The subjects occupy an enacted space of architectures where their private realities, masked behind the public image of the institution, are revealed. In an act of ‘disempowering’ the institution, the subjects return to the ‘centrestage’. Though they are seemingly liberated from the mask of the institution, the subjects are far from free, instead, they speak to us of an existence that is doomed.The conditions of dys/functions begin to enact the architecture

 

REALITY

 

This reality cannot accommodate the programmatic intentions of the (re)institutions because not only does it not serve a functional reality in providing solutions for the dysfunctions and for society, it surfaces and and enacts the endless parade of conditions that society tries to regulate through institutions.
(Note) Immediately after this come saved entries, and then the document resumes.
(* Let $f\in\mathbb{C}_v(z)$ have degree $d\ge2$. If there exist constants $C>0$ and $\lambda>1$ such that $(f^n)^{\natural}(\zeta)\ge C\lambda^n$ for all $n\in\mathbb{N}$ and all $\zeta\in\mathcal{J}_f$, then $\mathcal{J}_f\subseteq\mathbb{P}^1(\mathbb{C}_v)$, i.e. $\mathcal{J}_f$ contains no points of $\mathbb{H}^1_{\mathrm{Berk}}$.
   Context: $\mathbb{C}_v$ is an algebraically closed field of characteristic zero, complete with respect to a nontrivial non-archimedean absolute value. $\mathbb{P}^1_{\mathrm{Berk}}$ is its Berkovich projective line, $\mathbb{P}^1(\mathbb{C}_v)$ the type I points and $\mathbb{H}^1_{\mathrm{Berk}}$ the others. $\mathcal{J}_f$ is the Berkovich Julia set (complement of the set of points having a neighborhood $V$ with $\bigcup_{n\ge1}f^n(V)$ omitting infinitely many points). $f^{\natural}$ is the spherical derivative $\lim_{\zeta'\to\zeta}\|f(\zeta),f(\zeta')\|/\|\zeta,\zeta'\|$ w.r.t. the spherical kernel $\|\cdot,\cdot\|$ (the unique extension of the chordal metric $\rho(z,w)=|z-w|/(\max\{1,|z|\}\max\{1,|w|\})$ to $\mathbb{P}^1_{\mathrm{Berk}}$ continuous off the non-type-I diagonal and equal to $\limsup\rho(x,y)$ over type I $(x,y)\to(\zeta,\xi)$). *)

From HB Require Import structures.
From mathcomp Require Import all_boot all_order all_algebra.
From mathcomp Require Import boolp classical_sets functions cardinality reals.
Set Implicit Arguments. Unset Strict Implicit. Unset Printing Implicit Defensive.
Import Order.TTheory GRing.Theory Num.Theory.
Local Open Scope classical_set_scope.
Local Open Scope ring_scope.
(* For $C\in\mathbb D$, $$C^\beta=\{c\in\mathcal S: c\circ\bar K_C(z,\partial_z)=0\},$$ where $\bar K_C(z,\partial_z)$ is $\bar K_C$ with $x$ replaced by $z$ and $c\circ\bar K_C(z,\partial_z)$ is the distribution $u\mapsto c(\bar K_C(z,\partial_z)u)$.
   Context: Fix an integer $r>1$ and constants $a_1,\dots,a_{r-2}\in\mathbb C$, and let $L_0=\partial^r-a_{r-2}\partial^{r-2}-\cdots-a_1\partial-x$, where $\partial=d/dx$. Fix a basis $f_1,\dots,f_r$ of $\ker L_0$ normalized so that $|Wr(f_1,\dots,f_r)|=1$. For a function $f$ of one variable write $\hat f(x,z)=f(x+z)$. $\mathcal S$ denotes the space of finitely supported distributions in the $z$-plane: finite linear combinations of $\delta_\lambda\circ\partial_z^j$, where $\delta_\lambda$ evaluates its argument at $z=\lambda$; applied to a function of $(x,z)$ such a distribution acts in $z$ and yields a function of $x$. $\mathbb D$ is the set of finite-dimensional subspaces $C\subset\mathcal S$ having a basis $c_i=\delta_{\lambda_i}\circ(\partial_z+\gamma_i)$, $i=1,\dots,n$ ($n\ge1$), with $\lambda_i$ pairwise distinct and $\gamma_i\in\mathbb C$. For $C\in\mathbb D$ put $N=rn$, let $\phi_1,\dots,\phi_N$ be the functions $c_i(\hat f_j)$, and let $\bar K_C$ be the operator $u\mapsto\kappa\,|Wr(\phi_1,\dots,\phi_N,u)|$ with $\kappa$ the nonzero constant making the coefficient of $\partial^N$ a monic polynomial (it has polynomial coefficients); $Wr(v_1,\dots,v_m)$ is the matrix with first row $(v_1,\dots,v_m)$ and each subsequent row the derivative of the previous. $\flat$ is the unique $\mathbb C$-linear anti-automorphism of the Weyl algebra $\mathbb C[x]\langle\partial\rangle$ with $x^\flat=L_0$, $\partial^\flat=\partial$ (equivalently $T(x,\partial_x)\hat f(x,z)=T^\flat(z,\partial_z)\hat f(x,z)$ for all $f\in\ker L_0$). $C^\beta:=\{c\in\mathcal S: c(\hat f)\in\ker\bar K_C^\flat\text{ for all }f\in\ker L_0\}$. *)

(* The complex plane is R[i] for an
   arbitrary R : realType, viewed as a numFieldType so that MathComp-Analysis
   derivatives (derive1 / derivable) are complex derivatives. *)
From mathcomp Require Import all_boot all_algebra.
From mathcomp Require Import complex.
From mathcomp Require Import all_classical all_reals all_analysis.
Import numFieldNormedType.Exports.
Import GRing.Theory Num.Theory.
Set Implicit Arguments.
Unset Strict Implicit.
Unset Printing Implicit Defensive.
Local Open Scope ring_scope.

Definition Cx (R : realType) : numClosedFieldType := R[i].

Section Defs.
Variable R : realType.
Local Notation C := (Cx R).

Definition Dn (k : nat) (h : C -> C) : C -> C := derive1n k h.

Definition smooth (h : C -> C) : Prop := forall (k : nat) (x : C), derivable (Dn k h) x 1.

(* L_0 = d^r - a_{r-2} d^{r-2} - ... - a_1 d - x  (only a_1..a_{r-2} are used) *)
Definition L0 (r : nat) (a : nat -> C) (h : C -> C) : C -> C :=
  fun x => Dn r h x - \sum_(1 <= m < r.-1) a m * Dn m h x - x * h x.

Definition kerL0 (r : nat) (a : nat -> C) (h : C -> C) : Prop :=
  smooth h /\ forall x, L0 r a h x = 0.

Definition wr_mx (m : nat) (v : nat -> C -> C) (x : C) : 'M[C]_m :=
  \matrix_(i < m, j < m) Dn i (v j) x.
It is in a state of suspension only because this reality does not acknowledge its existence. In exposing what has been denied by the stronghold of this functional reality, the architecture of the (re)institution is borne of its own reality, this which is a lurking reality.

 

Architecture stages this lurking reality through the very vehicle that has masked it, denying it existence, rendering it capable only of lurking, the institution itself.

 

CONDITIONS

 

When architecture is predicated on conditions and not functions, it enacts life itself. Conditions - rituals, relationships, actions - of life. The endless array of conditions that constitutes life originates new forms - as rituals, relationships, encounters, actions - enacts architecture. When architecture forms manifest from conditions, this gives rise to a highly differentiated world unlike function derived forms (which tend to regulate and homogenise differences). This not only arrives at architectural types originating from life itself but also increases the wealth of ‘actual’ forms - the matter of architecture.

 

METHODOLOGY

 

In The Garden of Forking Paths, Borges wrote of a ‘ramified time in which every present forks out into two futures’ (Calvino). Reality as a manifold totality is a springboard from which realities other than this one can occur. This work invents a methodology for making the architectures of a possible world.

 

But I felt that the game had a meaning only if governed by iron clad rules; an established framework of construction was required, conditioning the insertion of one story in the others. Without it, the whole thing was gratuitous.           

(Italo Calvino, The Castle of Crossed Destinies)

 

The methodology originates architectural program/architectural object/architectural type from conditions, in doing so releases architecture from the limits of functional programming into a wealth of original architectural types. This method of making architecture could build a possible other world.